Match Editorial

SRM 268
Tuesday, October 18, 2005

Match summary

A difficult medium and sneaky hard gave Div 1 coders many challenge opportunities. The tricky hard, which featured an interesting mix of parsing and searching, had only 6 correct submissions. tjq, who bolstered his 3 correct submissions with 2 challenges, narrowly edged out Petr for the win. Strong performances from Im2Good and Per kept them in striking distance. The division 2 hard was no slouch either, claiming all but 9 submissions. Seasoned competitor emka207 captured the div 2 crown, with mhchan and xnitin close behind.

The Problems

CrossWordPuzzle

Used as: Division Two - Level One:

Value 250

Submission Rate 310 / 363 (85.40%)

Success Rate 268 / 310 (86.45%)

High Score zylum for 247.33 points (2 mins 57 secs)

Average Score 193.85 (for 268 correct submissions)

This problem required more string manipulation than a typical Div 2 easy. One type of solution loops over each line of the input, and keeps a counter tracking periods. The first period seen initializes the counter to 1. An 'X' or end-of-line causes the counting to stop, at which point it is determined if the correct number of periods were found. We can simplify this code somewhat using regular expressions. Java code follows:


public int countWords(String[] board, int size) {
    int ret = 0;
    for (int i =0; i < board.length; i++) {
	board[i] = ("X"+board[i]+"X").replaceAll("X","XX").replaceAll("X\\.{"+size+"}X","XAX");
	ret += board[i].replaceAll("[^A]*","").length();
    } 
    return ret;
}

CmpdWords

Used as: Division Two - Level Two:

Value 500

Submission Rate 236 / 363 (65.01%)

Success Rate 165 / 236 (69.92%)

High Score KillerCoder for 493.87 points (3 mins 10 secs)

Average Score 353.45 (for 165 correct submissions)

Used as: Division One - Level One:

Value 250

Submission Rate 278 / 283 (98.23%)

Success Rate 249 / 278 (89.57%)

High Score krijgertje for 248.77 points (2 mins 0 secs)

Average Score 213.61 (for 249 correct submissions)

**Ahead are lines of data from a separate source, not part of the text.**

Lemma supported_sum S (T : eqType) (s : seq T) (f : T -> G -> R) :
  (forall p, p \in s -> supported_in S (f p)) ->
  supported_in S (fun k => \sum_(p <- s) f p k).
Proof.
elim: s => [|p s IHs] Sf.
  by under [X in supported_in S X]funext do rewrite big_nil; apply: supported0.
under [X in supported_in S X]funext do rewrite big_cons.
apply: supportedD; first by apply: Sf; rewrite mem_head.
by apply: IHs => q qs; apply: Sf; rewrite inE qs orbT.
Qed.

Lemma supported_mul S S' a b : supported_in S a -> supported_in S' b ->
  supported_in [set gmul g h | g in S & h in S'] (mul a b).
Proof.
move=> [[fa Da] Sa] [[fb Db] Sb]; split; first split.
- apply: sub_finite_set (finite_image2 gmul fa fb) => k /= /skew_mul_neq0 [g ag bg].
  by exists g => //; exists (gmul (ginv g) k) => //; rewrite mulVKg.
- move=> k; apply: (ideal_sum (D_ideal k)) => g _; apply: (idealMl (D_ideal k)).
  exact/(setprod_subr (D_ideal k))/alpha_mul_unit/Db.
- move=> k /skew_mul_neq0 [g /Sa Sg /Sb S'g].
  by exists g => //; exists (gmul (ginv g) k) => //; rewrite mulVKg.
Qed.

Lemma skew_setprod_supported (A B : set (G -> R)) S S' :
  A `<=` supported_in S -> B `<=` supported_in S' ->
  sprod A B `<=` supported_in [set gmul g h | g in S & h in S'].
Proof.
move=> AS BS' _ [s [sAB ->]]; apply: supported_sum => p /sAB [/AS Sa /BS' Sb].
exact: supported_mul.
Qed.

Hypothesis D_orth :
  forall g h, g != h -> g != gone -> h != gone -> setprod (D g) (D h) = [set 0].
Hypothesis finite_range_u : finite_set (range u).

Lemma mul_orth g h x y : g != h -> g != gone -> h != gone -> D g x -> D h y -> x * y = 0.
Proof. by move=> gh g1 h1 Dx Dy; have := setprod_mul Dx Dy; rewrite D_orth. Qed.

Lemma finite_unit_support : finite_set [set g | g != gone /\ u g != 0].
Proof.
apply: (finite_orthogonal_idempotents (S := fun g => g != gone)) finite_range_u.
  by move=> g; apply: (identity_idem (unit_u g)).
by move=> g h g1 h1 /eqP gh; apply: mul_orth gh g1 h1 (D_unit g) (D_unit h).
Qed.

(* Only the terms g = e and g = k of (a b)(k) can survive orthogonality. *)
Lemma skew_mul_orth a b k : skew_elem D b -> a gone = 0 -> b gone = 0 -> k != gone ->
  mul a b k = 0.
Proof.
move=> [_ Db] a1 b1 k1; apply: fsbig1 => g _.
have [->|ag] := eqVneq (a g) 0; first by rewrite mul0r.
have g1 : g != gone by apply: contra_neq ag => ->.
have [->|gk] := eqVneq g k; first by rewrite mulVg b1 mul0r alpha0 mulr0.
by have := alpha_mul_unit (Db (gmul (ginv g) k)); rewrite D_orth // => ->; rewrite mulr0.
Qed.

Variable N : set G.
Hypothesis normalN : normal_subgroup N.

Lemma coset_componentE x : coset_component D N x = supported_in (lcoset N x).
Proof. by []. Qed.

Lemma coset_component1 x a : ~ N x -> coset_component D N x a -> a gone = 0.
Proof. by move=> Nx [_ xa]; apply/eqP; apply: contraT => /xa /(lcoset1 normalN). Qed.

Definition coset_unit x : R := \sum_(g \in lcoset N x) u g.

Lemma coset_unit_fixes x h y : ~ N x -> lcoset N x h -> D h y ->
  coset_unit x * y = y /\ y * coset_unit x = y.
Proof.
move=> Nx xh Dy; have [->|y0] := eqVneq y 0; first by rewrite mulr0 mul0r.
have uh : u h != 0.
  by apply: contra_neq y0 => uh0; rewrite -(identity_mull (unit_u h) Dy) uh0 mul0r.
have fin : finite_set (lcoset N x `&` u @^-1` [set~ 0]).
  apply: sub_finite_set finite_unit_support => g [xg /eqP ug]; split=> //.
  exact: (lcoset_neq1 normalN Nx xg).
have hs : h \in finite_support 0 (lcoset N x) u.
  by rewrite in_finite_support // inE; split=> //; apply/eqP.
have orth_h g : g \in finite_support 0 (lcoset N x) u -> g != h ->
    u g * y = 0 /\ y * u g = 0.
  rewrite in_finite_support // inE => -[xg _] gh.
  have [g1 h1] := (lcoset_neq1 normalN Nx xg, lcoset_neq1 normalN Nx xh).
  split; first exact: mul_orth gh g1 h1 (D_unit g) Dy.
  by apply: mul_orth h1 g1 Dy (D_unit g); rewrite eq_sym.
have us := finite_support_uniq 0 (lcoset N x) u.
rewrite /coset_unit mulr_suml mulr_sumr !(bigD1_seq h hs us) /=.
rewrite (identity_mull (unit_u h) Dy) (identity_mulr (unit_u h) Dy).
by rewrite !big1_seq ?addr0 // => g /andP [gh gs]; case: (orth_h g gs gh).
Qed.

Lemma coset_unit_fixes_mul x a b k : ~ N x -> coset_component D N x a ->
  coset_unit x * mul a b k = mul a b k /\ mul a b k * coset_unit x = mul a b k.
Proof.
move=> Nx [[_ Da] xa].
have fixes g t : coset_unit x * (a g * t) = a g * t /\ a g * t * coset_unit x = a g * t.
  have [->|/xa xg] := eqVneq (a g) 0; first by rewrite !mul0r mulr0.
  exact: coset_unit_fixes Nx xg (idealMr (D_ideal g) t (Da g)).
rewrite /skew_mul mulr_sumr mulr_suml.
by split; apply: eq_bigr => g _; [exact: (fixes _ _).1 | exact: (fixes _ _).2].
Qed.

Lemma coset_setprod_fixes x z : ~ N x ->
  sprod (coset_component D N x) (coset_component D N (ginv x)) z ->
  (forall k, k != gone -> z k = 0) /\
  coset_unit x * z gone = z gone /\ z gone * coset_unit x = z gone.
Proof.
move=> Nx [s [sT ->]] /=; have NVx : ~ N (ginv x) by move/(normalVE normalN).
split=> [k k1|].
  apply: big1_seq => p /andP [_ /sT [xp1 xp2]]; apply: skew_mul_orth k1.
  - by case: xp2.
  - exact: coset_component1 Nx xp1.
  - exact: coset_component1 NVx xp2.
rewrite mulr_sumr mulr_suml; split; apply: eq_big_seq => p /sT [xp1 _].
  exact: (coset_unit_fixes_mul _ _ Nx xp1).1.
exact: (coset_unit_fixes_mul _ _ Nx xp1).2.
Qed.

The problem asks us to consider all possible ways of concatenating distinct dictionary words. This naturally lends itself to a double loop over the dictionary elements. The algorithm maintains a set S that is initialized with the words in the dictionary. If a generated word (by our concatenations) is present in S, we add it to a set of ambiguous words. Otherwise, we add the generated word to S. When this process is complete, all ambiguities will be in a single set. We return the size of this set. Java code follows:

public int ambiguous(String[] dictionary) {
    HashSet words = new HashSet(Arrays.asList(dictionary));
    HashSet cntd = new HashSet();
    for (int a = 0; a < dictionary.length; a++) {
	for (int b = 0; b < dictionary.length; b++) {
	    if (a == b) continue;
	    String comp = dictionary[a] + dictionary[b];
	    if (!words.contains(comp)) words.add(comp);
	    else cntd.add(comp);
	}
    }
    return cntd.size();
}

TriArea

Used as: Division Two - Level Three:

Value 1000

Submission Rate 26 / 363 (7.16%)

Success Rate 9 / 26 (34.62%)

High Score emka207 for 699.24 points (20 mins 35 secs)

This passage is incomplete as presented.